Stored items
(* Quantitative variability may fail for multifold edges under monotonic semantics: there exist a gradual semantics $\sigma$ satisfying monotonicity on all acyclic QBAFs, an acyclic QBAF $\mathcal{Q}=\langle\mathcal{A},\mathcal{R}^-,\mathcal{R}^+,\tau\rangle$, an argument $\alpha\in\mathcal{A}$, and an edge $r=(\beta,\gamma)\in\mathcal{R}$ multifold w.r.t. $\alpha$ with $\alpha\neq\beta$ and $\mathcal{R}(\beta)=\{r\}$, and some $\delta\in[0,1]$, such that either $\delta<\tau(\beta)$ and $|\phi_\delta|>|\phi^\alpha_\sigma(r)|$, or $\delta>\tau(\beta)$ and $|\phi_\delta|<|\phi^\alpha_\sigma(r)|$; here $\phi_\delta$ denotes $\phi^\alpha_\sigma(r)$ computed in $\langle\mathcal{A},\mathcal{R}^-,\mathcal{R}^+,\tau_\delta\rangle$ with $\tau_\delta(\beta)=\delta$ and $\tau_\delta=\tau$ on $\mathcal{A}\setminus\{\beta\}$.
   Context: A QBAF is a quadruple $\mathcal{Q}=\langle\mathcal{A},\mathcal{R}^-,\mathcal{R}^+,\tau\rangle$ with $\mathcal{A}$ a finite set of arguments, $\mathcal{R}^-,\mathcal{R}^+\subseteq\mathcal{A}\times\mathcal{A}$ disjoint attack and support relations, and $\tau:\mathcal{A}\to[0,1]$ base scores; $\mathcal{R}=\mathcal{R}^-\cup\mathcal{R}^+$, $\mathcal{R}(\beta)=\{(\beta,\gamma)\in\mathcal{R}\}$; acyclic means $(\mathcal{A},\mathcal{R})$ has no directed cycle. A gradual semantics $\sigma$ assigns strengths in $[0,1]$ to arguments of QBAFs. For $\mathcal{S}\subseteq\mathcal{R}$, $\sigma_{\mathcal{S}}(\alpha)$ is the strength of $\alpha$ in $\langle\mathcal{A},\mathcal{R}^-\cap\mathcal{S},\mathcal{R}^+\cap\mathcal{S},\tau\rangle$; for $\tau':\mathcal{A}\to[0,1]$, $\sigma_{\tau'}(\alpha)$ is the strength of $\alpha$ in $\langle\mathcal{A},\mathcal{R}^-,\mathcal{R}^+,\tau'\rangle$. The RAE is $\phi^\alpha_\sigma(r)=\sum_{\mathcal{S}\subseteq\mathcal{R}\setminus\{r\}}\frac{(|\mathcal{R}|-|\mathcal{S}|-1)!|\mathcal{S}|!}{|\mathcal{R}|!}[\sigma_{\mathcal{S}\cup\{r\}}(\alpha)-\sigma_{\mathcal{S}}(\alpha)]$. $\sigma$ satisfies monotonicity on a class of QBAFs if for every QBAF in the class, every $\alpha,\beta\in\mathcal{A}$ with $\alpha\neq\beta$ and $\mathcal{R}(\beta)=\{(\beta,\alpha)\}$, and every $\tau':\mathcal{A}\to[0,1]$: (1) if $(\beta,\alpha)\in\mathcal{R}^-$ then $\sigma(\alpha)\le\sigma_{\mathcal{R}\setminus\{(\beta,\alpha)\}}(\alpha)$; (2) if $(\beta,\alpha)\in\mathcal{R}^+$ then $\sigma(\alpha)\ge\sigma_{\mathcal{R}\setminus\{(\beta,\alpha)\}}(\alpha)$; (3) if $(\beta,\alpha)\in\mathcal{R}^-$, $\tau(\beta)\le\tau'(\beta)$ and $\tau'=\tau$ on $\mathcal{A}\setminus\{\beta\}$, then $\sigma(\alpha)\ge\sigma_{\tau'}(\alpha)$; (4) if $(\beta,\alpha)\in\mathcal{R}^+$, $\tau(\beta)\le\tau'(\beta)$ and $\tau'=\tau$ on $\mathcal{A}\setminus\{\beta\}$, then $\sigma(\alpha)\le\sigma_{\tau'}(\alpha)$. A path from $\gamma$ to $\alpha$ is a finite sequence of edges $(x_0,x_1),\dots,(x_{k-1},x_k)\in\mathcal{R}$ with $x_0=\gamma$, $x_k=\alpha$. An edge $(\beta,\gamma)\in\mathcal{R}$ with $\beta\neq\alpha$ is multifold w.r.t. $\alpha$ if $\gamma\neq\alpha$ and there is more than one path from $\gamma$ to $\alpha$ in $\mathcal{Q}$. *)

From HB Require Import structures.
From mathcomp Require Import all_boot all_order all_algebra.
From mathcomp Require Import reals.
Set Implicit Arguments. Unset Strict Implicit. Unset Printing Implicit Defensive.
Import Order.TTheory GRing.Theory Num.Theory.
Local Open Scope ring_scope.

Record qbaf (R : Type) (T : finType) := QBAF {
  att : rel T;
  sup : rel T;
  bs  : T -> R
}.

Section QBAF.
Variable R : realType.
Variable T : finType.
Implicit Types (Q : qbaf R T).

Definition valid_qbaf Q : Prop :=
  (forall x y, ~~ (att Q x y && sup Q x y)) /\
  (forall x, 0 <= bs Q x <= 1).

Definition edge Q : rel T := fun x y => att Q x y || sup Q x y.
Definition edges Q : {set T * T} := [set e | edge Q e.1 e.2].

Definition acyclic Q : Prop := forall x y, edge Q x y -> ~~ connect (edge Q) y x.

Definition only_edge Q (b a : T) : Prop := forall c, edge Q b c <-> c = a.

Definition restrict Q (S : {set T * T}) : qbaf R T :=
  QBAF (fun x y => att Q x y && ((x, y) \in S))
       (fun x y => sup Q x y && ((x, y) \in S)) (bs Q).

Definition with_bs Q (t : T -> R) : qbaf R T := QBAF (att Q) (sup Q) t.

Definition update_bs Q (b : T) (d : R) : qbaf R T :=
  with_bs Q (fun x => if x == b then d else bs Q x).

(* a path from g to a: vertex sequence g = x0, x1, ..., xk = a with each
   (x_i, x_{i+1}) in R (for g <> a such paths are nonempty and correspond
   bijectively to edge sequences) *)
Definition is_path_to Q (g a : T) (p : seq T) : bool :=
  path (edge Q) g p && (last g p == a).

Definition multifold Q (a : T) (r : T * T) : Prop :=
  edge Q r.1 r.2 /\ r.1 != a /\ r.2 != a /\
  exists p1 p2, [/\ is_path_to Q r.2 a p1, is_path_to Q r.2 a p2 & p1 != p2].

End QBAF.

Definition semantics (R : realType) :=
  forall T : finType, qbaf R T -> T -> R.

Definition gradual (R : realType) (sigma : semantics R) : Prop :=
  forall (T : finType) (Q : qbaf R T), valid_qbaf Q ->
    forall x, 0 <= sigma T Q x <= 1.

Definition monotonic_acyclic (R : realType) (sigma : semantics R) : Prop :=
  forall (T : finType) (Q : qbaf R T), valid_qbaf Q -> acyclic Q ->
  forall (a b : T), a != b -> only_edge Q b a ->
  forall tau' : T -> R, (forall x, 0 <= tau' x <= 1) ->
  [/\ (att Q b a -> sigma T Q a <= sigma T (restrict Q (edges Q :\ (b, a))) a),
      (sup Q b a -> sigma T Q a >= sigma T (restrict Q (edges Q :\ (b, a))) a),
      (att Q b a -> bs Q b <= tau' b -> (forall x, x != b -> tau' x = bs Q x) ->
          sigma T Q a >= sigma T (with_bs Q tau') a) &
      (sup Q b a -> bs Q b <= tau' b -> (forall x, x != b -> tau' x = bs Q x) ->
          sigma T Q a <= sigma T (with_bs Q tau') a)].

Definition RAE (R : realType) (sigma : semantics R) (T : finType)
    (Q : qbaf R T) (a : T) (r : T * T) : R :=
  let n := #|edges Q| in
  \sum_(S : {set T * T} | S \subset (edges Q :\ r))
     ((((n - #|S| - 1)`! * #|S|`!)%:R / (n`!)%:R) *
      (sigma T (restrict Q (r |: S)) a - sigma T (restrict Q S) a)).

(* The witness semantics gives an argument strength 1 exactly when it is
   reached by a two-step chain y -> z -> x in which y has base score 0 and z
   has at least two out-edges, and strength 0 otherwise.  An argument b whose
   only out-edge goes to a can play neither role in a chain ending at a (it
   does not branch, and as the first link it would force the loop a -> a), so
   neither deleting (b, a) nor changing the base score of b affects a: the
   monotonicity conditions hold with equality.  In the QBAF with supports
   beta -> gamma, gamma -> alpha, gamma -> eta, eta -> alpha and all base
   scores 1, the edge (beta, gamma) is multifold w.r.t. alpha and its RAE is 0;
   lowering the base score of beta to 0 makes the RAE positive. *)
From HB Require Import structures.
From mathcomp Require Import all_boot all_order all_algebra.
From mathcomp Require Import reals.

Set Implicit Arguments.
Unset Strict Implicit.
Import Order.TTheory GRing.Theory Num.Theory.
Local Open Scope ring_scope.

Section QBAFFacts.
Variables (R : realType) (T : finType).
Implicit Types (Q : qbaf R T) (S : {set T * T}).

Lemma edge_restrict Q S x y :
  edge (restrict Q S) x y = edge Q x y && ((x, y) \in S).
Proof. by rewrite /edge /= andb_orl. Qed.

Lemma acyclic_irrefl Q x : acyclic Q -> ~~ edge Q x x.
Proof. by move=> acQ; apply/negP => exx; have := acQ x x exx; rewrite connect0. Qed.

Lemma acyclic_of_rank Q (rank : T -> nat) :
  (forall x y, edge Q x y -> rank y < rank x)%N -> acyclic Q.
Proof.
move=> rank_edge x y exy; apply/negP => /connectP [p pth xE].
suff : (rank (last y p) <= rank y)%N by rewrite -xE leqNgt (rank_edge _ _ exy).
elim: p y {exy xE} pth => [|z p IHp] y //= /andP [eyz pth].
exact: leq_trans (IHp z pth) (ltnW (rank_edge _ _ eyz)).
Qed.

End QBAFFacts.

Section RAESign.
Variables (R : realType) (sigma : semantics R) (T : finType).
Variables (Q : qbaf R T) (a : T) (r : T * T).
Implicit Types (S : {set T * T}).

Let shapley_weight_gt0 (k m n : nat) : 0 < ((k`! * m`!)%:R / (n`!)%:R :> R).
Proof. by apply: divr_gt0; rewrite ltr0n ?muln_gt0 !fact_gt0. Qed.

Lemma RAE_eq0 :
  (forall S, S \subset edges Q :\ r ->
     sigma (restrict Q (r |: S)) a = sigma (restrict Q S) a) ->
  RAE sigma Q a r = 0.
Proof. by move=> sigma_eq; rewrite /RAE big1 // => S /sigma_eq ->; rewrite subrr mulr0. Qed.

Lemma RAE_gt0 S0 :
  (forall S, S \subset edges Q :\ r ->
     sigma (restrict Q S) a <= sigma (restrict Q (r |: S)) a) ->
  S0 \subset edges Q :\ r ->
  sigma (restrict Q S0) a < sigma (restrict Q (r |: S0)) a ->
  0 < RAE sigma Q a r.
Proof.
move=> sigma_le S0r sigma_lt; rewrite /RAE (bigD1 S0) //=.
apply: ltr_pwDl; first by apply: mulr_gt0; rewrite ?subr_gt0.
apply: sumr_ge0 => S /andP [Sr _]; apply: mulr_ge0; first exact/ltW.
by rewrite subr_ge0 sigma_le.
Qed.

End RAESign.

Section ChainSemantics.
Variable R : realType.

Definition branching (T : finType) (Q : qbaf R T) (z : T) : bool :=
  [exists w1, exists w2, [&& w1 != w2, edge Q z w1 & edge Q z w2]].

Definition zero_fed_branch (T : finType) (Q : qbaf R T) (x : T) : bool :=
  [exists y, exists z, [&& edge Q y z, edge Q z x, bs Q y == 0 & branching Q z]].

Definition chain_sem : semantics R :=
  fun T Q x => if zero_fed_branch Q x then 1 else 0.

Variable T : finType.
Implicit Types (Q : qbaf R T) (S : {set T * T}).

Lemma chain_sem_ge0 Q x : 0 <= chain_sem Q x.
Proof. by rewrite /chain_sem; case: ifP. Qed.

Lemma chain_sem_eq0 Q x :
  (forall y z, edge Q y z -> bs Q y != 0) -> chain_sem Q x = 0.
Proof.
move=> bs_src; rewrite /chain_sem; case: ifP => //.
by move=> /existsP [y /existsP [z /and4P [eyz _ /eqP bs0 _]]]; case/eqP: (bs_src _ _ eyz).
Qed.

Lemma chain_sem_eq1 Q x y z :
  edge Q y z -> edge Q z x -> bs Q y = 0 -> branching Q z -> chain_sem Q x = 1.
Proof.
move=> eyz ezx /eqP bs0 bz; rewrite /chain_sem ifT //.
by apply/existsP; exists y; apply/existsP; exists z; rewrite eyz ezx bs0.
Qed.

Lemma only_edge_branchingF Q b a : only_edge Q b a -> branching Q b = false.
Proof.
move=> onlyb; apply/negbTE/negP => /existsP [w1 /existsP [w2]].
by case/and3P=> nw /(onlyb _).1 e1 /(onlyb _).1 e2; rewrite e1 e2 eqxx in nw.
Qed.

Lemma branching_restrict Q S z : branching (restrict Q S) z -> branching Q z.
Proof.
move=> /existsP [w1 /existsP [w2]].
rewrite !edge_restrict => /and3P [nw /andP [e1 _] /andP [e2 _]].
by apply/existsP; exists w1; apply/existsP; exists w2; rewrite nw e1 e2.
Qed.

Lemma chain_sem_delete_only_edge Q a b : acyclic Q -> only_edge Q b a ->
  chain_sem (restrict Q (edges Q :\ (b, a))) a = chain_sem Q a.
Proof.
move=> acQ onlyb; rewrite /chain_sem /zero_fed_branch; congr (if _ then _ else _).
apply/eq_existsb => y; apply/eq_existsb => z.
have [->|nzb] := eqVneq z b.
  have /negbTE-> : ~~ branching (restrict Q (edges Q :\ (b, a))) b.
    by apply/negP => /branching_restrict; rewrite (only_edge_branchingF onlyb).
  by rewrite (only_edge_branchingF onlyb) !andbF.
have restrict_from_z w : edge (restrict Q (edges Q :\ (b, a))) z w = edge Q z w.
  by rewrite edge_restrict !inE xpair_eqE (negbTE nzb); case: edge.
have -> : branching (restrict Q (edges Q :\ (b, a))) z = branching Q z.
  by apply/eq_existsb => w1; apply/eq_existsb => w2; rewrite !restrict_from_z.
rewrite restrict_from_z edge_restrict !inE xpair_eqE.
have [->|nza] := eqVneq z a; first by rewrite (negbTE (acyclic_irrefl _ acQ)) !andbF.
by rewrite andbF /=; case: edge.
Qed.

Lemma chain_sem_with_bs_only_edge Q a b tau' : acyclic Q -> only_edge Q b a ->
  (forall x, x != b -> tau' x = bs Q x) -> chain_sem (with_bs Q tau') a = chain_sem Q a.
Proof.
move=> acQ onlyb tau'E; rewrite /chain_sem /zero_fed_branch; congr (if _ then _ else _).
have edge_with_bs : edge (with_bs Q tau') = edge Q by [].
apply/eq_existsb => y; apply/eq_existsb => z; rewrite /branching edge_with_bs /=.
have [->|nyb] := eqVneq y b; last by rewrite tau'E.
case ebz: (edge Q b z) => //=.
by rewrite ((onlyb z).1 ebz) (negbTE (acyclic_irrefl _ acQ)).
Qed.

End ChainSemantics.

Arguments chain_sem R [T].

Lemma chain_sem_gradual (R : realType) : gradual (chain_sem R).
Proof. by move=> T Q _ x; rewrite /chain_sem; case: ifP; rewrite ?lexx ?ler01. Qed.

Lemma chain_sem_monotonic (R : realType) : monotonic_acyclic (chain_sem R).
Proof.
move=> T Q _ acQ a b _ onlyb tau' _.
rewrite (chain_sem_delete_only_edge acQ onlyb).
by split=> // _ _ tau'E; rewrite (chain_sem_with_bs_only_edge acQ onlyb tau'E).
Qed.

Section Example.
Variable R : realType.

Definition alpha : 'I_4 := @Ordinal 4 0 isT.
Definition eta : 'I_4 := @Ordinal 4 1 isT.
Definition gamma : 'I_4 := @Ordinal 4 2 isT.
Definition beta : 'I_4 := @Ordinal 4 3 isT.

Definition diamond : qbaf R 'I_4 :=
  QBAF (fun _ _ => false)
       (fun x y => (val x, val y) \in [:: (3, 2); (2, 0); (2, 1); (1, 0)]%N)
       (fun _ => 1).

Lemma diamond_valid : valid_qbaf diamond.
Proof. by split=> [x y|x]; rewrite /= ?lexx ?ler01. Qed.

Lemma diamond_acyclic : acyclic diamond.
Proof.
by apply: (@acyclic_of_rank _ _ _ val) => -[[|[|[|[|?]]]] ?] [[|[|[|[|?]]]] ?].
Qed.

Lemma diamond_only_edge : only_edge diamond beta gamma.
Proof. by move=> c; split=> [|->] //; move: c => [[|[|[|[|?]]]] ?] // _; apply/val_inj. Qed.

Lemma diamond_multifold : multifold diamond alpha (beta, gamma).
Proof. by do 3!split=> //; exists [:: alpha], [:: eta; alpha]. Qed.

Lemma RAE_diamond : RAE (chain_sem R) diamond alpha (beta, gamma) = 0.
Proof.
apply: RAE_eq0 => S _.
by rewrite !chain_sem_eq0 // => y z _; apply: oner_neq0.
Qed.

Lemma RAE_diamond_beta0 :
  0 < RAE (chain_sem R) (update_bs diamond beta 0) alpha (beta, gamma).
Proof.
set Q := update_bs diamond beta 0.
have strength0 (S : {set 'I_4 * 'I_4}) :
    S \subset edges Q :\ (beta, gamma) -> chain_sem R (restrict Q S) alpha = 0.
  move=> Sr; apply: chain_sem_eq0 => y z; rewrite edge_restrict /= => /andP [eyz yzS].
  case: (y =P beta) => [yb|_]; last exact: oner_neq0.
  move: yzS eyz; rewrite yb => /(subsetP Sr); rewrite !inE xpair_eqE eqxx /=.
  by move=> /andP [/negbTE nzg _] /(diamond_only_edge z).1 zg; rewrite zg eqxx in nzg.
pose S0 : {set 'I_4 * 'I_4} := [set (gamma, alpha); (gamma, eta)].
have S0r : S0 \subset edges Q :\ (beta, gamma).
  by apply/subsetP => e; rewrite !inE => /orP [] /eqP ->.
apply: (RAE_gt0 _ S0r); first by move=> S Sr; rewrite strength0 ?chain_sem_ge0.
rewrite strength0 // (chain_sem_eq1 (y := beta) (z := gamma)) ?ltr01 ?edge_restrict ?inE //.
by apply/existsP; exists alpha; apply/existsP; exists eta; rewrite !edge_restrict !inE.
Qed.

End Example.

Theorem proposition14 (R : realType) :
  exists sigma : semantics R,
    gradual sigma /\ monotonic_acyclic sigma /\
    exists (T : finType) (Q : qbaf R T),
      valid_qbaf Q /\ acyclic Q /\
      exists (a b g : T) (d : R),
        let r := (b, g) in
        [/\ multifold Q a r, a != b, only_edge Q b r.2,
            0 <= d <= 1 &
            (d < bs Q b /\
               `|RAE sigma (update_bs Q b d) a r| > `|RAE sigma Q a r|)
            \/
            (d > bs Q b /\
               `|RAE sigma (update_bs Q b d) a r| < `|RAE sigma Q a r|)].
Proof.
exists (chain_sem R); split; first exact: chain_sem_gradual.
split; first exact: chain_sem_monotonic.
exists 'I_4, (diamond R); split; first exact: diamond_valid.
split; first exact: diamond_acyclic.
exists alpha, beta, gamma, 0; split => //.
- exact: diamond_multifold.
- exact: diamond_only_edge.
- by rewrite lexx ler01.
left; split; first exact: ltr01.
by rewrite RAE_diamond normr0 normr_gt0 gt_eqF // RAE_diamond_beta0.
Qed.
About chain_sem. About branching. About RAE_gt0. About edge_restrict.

==

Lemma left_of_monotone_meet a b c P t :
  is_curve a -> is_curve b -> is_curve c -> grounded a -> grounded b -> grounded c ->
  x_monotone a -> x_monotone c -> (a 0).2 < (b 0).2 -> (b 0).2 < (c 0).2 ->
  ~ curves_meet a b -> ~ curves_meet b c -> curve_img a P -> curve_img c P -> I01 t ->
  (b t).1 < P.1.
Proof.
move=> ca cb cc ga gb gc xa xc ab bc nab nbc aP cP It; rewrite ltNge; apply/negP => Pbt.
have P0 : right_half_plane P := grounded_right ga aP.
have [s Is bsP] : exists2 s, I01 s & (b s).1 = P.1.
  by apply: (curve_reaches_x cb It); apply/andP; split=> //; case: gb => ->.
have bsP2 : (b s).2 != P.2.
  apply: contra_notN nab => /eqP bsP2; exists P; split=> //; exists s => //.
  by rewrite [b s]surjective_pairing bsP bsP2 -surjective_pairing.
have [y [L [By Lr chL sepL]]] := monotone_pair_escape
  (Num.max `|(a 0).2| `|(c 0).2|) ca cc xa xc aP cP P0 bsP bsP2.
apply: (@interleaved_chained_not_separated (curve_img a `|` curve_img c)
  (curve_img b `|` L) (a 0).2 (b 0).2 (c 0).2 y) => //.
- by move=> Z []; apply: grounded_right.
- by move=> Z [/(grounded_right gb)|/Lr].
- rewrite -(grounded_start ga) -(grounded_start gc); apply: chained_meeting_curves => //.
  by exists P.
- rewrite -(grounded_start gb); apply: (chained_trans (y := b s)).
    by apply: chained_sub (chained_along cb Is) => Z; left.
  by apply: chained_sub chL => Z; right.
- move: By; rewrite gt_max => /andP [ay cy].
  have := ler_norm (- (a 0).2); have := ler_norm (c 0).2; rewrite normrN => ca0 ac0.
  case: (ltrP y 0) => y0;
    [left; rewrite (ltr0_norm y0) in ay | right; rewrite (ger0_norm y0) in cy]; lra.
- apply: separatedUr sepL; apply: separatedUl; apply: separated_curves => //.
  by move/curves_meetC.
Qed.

Task item
Above are the entries. Copy exactly the part that opens with the line containing "att : rel T;" and closes with the line containing "Definition is_path_to Q", and no more.

Finished task
  att : rel T;
  sup : rel T;
  bs  : T -> R
}.

Section QBAF.
Variable R : realType.
Variable T : finType.
Implicit Types (Q : qbaf R T).

Definition valid_qbaf Q : Prop :=
  (forall x y, ~~ (att Q x y && sup Q x y)) /\
  (forall x, 0 <= bs Q x <= 1).

Definition edge Q : rel T := fun x y => att Q x y || sup Q x y.
Definition edges Q : {set T * T} := [set e | edge Q e.1 e.2].

Definition acyclic Q : Prop := forall x y, edge Q x y -> ~~ connect (edge Q) y x.

Definition only_edge Q (b a : T) : Prop := forall c, edge Q b c <-> c = a.

Definition restrict Q (S : {set T * T}) : qbaf R T :=
  QBAF (fun x y => att Q x y && ((x, y) \in S))
       (fun x y => sup Q x y && ((x, y) \in S)) (bs Q).

Definition with_bs Q (t : T -> R) : qbaf R T := QBAF (att Q) (sup Q) t.

Definition update_bs Q (b : T) (d : R) : qbaf R T :=
  with_bs Q (fun x => if x == b then d else bs Q x).

(* a path from g to a: vertex sequence g = x0, x1, ..., xk = a with each
   (x_i, x_{i+1}) in R (for g <> a such paths are nonempty and correspond
   bijectively to edge sequences) *)
Definition is_path_to Q (g a : T) (p : seq T) : bool :=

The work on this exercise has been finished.